Images in `reid/imgs` are cropped from raw images in `MOT17/train` by the corresponding `gt.txt`. The value of ground-truth labels should fall in range `[0, num_classes - 1]`.

#### The folder of annotations in crowdhuman

There are 2 JSON files in `data/crowdhuman/annotations`:

`crowdhuman_train.json`:  JSON file containing the annotations information of the training set in CrowdHuman dataset.
`crowdhuman_val.json`:  JSON file containing the annotations information of the validation set in CrowdHuman dataset.

#### The folder of annotations in youtube_vis_2019/youtube_vis2021

There are 3 JSON files in `data/youtube_vis_2019/annotations` or `data/youtube_vis_2021/annotations`:

`youtube_vis_2019_train.json`/`youtube_vis_2021_train.json`: JSON file containing the annotations information of the training set in youtube_vis_2019/youtube_vis2021 dataset.

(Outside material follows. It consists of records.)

Lemma stable_bound_below i : nonsink n i ->
  stable_bound n pi i = deg_on i (fun w => L w < L i).
Proof. exact: (count_nbrs_by_parity (fun a b => b < a) L_fun plevE). Qed.

End Decorations.

Lemma slack_le_below L v : 0 < L v ->
  lev_slack L v <= deg_on v (fun w => L w < L v).
Proof. by move=> L_gt0; apply: deg_on_sub => w _ /eqP ->; lia. Qed.

Lemma canon_decperm_level_word c L a : level_fun L -> level_window c L ->
  canon_decperm (level_word L) a <->
  forall i : 'I_n, (0 <= a i)%R /\ (a i < (lev_slack L i.+1)%:Z)%R.
Proof.
move=> L_fun win; have pred_nbr := window_pred_nbr L_fun win.
have plevE := plev_level_word L_fun pred_nbr.
split=> [[[_ bnd] lt_mu] i|bounds].
  by have [a_ge0 _] := bnd i; split=> //; rewrite -(mu_slack L_fun plevE) ?nonsink_ord.
split=> [|i]; last by have [_] := bounds i; rewrite -(mu_slack L_fun plevE) ?nonsink_ord.
split=> [|i]; first exact: level_word_perm.
have [L_gt0 _ _] := L_fun.2 _ (nonsink_ord i).
have [a_ge0 a_lt] := bounds i; split=> //.
rewrite (stable_bound_below L_fun plevE) ?nonsink_ord //.
by have := slack_le_below L_gt0; lia.
Qed.

Lemma floor_window c d L : level_fun L -> level_window c L ->
  (forall v, nonsink n v -> d v = lev_floor L v) -> level_window d L.
Proof.
move=> L_fun win d_floor; apply/(level_windowE _ L_fun) => v ns_v.
rewrite d_floor // leqnn /= -addn1 leq_add2l /lev_slack.
have [w [lt_w a Lw]] := window_pred_nbr L_fun win ns_v.
by apply: (deg_on_gt0 lt_w a); rewrite /= Lw.
Qed.

Lemma phiCT_Some m T : phiCT R m = Some T ->
  EWtab R T /\ forall i : 'I_n, phiTC R T i.+1 = m i.+1.
Proof.
rewrite /phiCT; case: pickP => // T' /andP[T'_EW /forallP phi] [<-].
by split=> // i; apply/eqP.
Qed.

Lemma phiCT_floor m T L : EWtab R T -> level_fun L ->
  (forall v, nonsink n v -> phiTC R T v = lev_floor L v) ->
  (forall i : 'I_n, m i.+1 = lev_floor L i.+1) -> phiCT R m = Some T.
Proof.
move=> T_EW L_fun phiT m_floor; rewrite /phiCT.
case: pickP => [T' /andP[T'_EW /forallP phiT']|none].
  have floor_T' v : nonsink n v -> lev_floor L v <= phiTC R T' v.
    by case/nonsinkP=> i ->; rewrite (eqP (phiT' i)) m_floor.
  have floor_T v : nonsink n v -> lev_floor L v <= phiTC R T v by move=> ns_v; rewrite phiT.
  congr Some; apply/ffunP => -[i j].
  by rewrite (tab_lev T'_EW L_fun floor_T') (tab_lev T_EW L_fun floor_T).
move: (none T); rewrite T_EW /= => /negbT/forallPn[i].
by rewrite phiT ?nonsink_ord // m_floor eqxx.
Qed.

Lemma Psi_level_word T L : (forall v, nonsink n v -> lev R (phiTC R T) v = L v) ->
  Psi R T = level_word L.
Proof.
move=> levE; congr flatten; apply/eq_map => p; rewrite /level_block.
by rewrite (@eq_in_filter _ _ (fun v => L v == p)) // => v /nonsink_iota ns_v; rewrite levE.
Qed.

Lemma Psi_perm_level_window T : EWtab R T -> perm_eq (Psi R T) (iota 1 n) ->
  level_fun (lev R (phiTC R T)) /\ level_window (phiTC R T) (lev R (phiTC R T)).
Proof.
move=> T_EW perm_Psi; have st := phiTC_stable T_EW.
suff le_K v : nonsink n v -> lev R (phiTC R T) v <= K.
  by split; [exact: level_fun_lev le_K | exact: level_window_lev st le_K].
move=> ns_v; have : v \in level_word (lev R (phiTC R T)).
  rewrite -[level_word _]/(Psi R T) (perm_mem perm_Psi) mem_iota.
  by move: ns_v; rewrite /nonsink; lia.
case/flattenP=> _ /mapP[p p_in ->]; rewrite mem_level_block => /andP[/eqP -> _].
by move: p_in; rewrite mem_iota; lia.
Qed.

Lemma RecEW_canon_decperm T a : RecEW R T a -> canon_decperm (Psi R T) a.
Proof.
case=> x [rec_x /phiCT_Some[T_EW phiT] a_E].
have [L_fun win] := Rec_level_window rec_x.
have phiT_floor v : nonsink n v -> phiTC R T v = lev_floor (lev R x) v.
  by case/nonsinkP=> i ->; rewrite phiT (minrec_window L_fun win) ?nonsink_ord.
rewrite (Psi_level_word (lev_window L_fun (floor_window L_fun win phiT_floor))).
apply/(canon_decperm_level_word a L_fun win) => i.
have := (level_windowE _ L_fun).1 win _ (nonsink_ord i).
by rewrite a_E (minrec_window L_fun win) ?nonsink_ord; lia.
Qed.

`youtube_vis_2019_valid.json`/`youtube_vis_2021_valid.json`: JSON file containing the annotations information of the validation set in youtube_vis_2019/youtube_vis2021 dataset.

`youtube_vis_2019_test.json`/`youtube_vis_2021_test.json`: JSON file containing the annotations information of the testing set in youtube_vis_2019/youtube_vis2021 dataset.